From the line that contains "0 < q' -> 0 < e' < 1 -> 0 < qmax ->" to the end of the records below, copy every line exactly. Both the first and last of these lines count.

************

(* Let $q'>0$, $e'\in(0,1)$, $q_{\max}>0$. There is no $(q,e)\in\mathcal D_4$ such that the orbits are linked for every $(\omega,\omega')\in\mathcal D_3$.
   Context: For $q>0$, $e\in[0,1]$ and angles $\omega,\omega'$, define $r_{\pm}=\frac{q(1+e)}{1\pm e\cos\omega}$, $r'_{\pm}=\frac{q'(1+e')}{1\pm e'\cos\omega'}$ (extended-real values allowed), $d^+=r'_+-r_+$, $d^-=r'_--r_-$. Linked orbits: $d^+d^-<0$. $\mathcal D_3=\{(\omega,\omega'):0\le\omega\le\pi/2,\ 0\le\omega'\le\pi\}$, $\mathcal D_4=\{(q,e):0<q\le q_{\max},\ 0\le e\le1\}$. *)

From Stdlib Require Import Reals Lra.
Open Scope R_scope.

Inductive ER : Type := Fin (x : R) | PInf.

(* r = q(1+e)/den, with the convention that a zero denominator gives +oo
   (for q>0, e in [0,1] the numerator is positive and den >= 0). *)
Definition rdiv_ext (num den : R) : ER :=
  if Req_EM_T den 0 then PInf else Fin (num / den).

Definition r_plus (q e w : R) : ER := rdiv_ext (q * (1 + e)) (1 + e * cos w).
Definition r_minus (q e w : R) : ER := rdiv_ext (q * (1 + e)) (1 - e * cos w).

Definition diff_pos (a b : ER) : Prop :=
  match a, b with
  | Fin x, Fin y => x - y > 0
  | PInf, Fin _ => True
  | _, _ => False   (* b = +oo gives -oo; +oo - +oo undefined *)
  end.
Definition diff_neg (a b : ER) : Prop :=
  match a, b with
  | Fin x, Fin y => x - y < 0
  | Fin _, PInf => True
  | _, _ => False
  end.

(* d^+ = r'_+ - r_+ , d^- = r'_- - r_- ; linked iff d^+ d^- < 0,
   i.e. the two differences have strictly opposite signs. *)
Definition linked (q e w q' e' w' : R) : Prop :=
  let dp := (r_plus q' e' w', r_plus q e w) in
  let dm := (r_minus q' e' w', r_minus q e w) in
  (diff_pos (fst dp) (snd dp) /\ diff_neg (fst dm) (snd dm)) \/
  (diff_neg (fst dp) (snd dp) /\ diff_pos (fst dm) (snd dm)).

Definition in_D3 (w w' : R) : Prop := 0 <= w <= PI / 2 /\ 0 <= w' <= PI.
Definition in_D4 (qmax q e : R) : Prop := 0 < q <= qmax /\ 0 <= e <= 1.

(* At w = w' = PI/2 both cosines vanish, so each orbit has r_+ = r_-.
   Then d^+ = d^- and d^+ d^- < 0 is impossible. *)
From Stdlib Require Import Reals Lra.
Open Scope R_scope.

Lemma r_plus_eq_r_minus (q e w : R) : cos w = 0 -> r_plus q e w = r_minus q e w.
Proof.
  intros Hcos; unfold r_plus, r_minus; rewrite Hcos.
  f_equal; ring.
Qed.

Lemma diff_pos_neg_excl (a b : ER) : diff_pos a b -> diff_neg a b -> False.
Proof. destruct a, b; simpl; lra. Qed.

Lemma not_linked_cos0 (q e w q' e' w' : R) :
  cos w = 0 -> cos w' = 0 -> ~ linked q e w q' e' w'.
Proof.
  intros Hw Hw'; unfold linked; simpl.
  rewrite (r_plus_eq_r_minus q e w Hw), (r_plus_eq_r_minus q' e' w' Hw').
  intros [[Hp Hn] | [Hn Hp]]; exact (diff_pos_neg_excl _ _ Hp Hn).
Qed.

Lemma in_D3_PI2 : in_D3 (PI / 2) (PI / 2).
Proof. pose proof PI_RGT_0; unfold in_D3; lra. Qed.

Theorem mainTheorem12 (q' e' qmax : R) :
  0 < q' -> 0 < e' < 1 -> 0 < qmax ->
  ~ (exists q e, in_D4 qmax q e /\
       forall w w', in_D3 w w' -> linked q e w q' e' w').
Proof.
  intros _ _ _ [q [e [_ Hlinked]]].
  exact (not_linked_cos0 q e _ q' e' _ cos_PI2 cos_PI2 (Hlinked _ _ in_D3_PI2)).
Qed.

************

RESULT ▸
  0 < q' -> 0 < e' < 1 -> 0 < qmax ->
  ~ (exists q e, in_D4 qmax q e /\
       forall w w', in_D3 w w' -> linked q e w q' e' w').
Proof.
  intros _ _ _ [q [e [_ Hlinked]]].
  exact (not_linked_cos0 q e _ q' e' _ cos_PI2 cos_PI2 (Hlinked _ _ in_D3_PI2)).
Qed.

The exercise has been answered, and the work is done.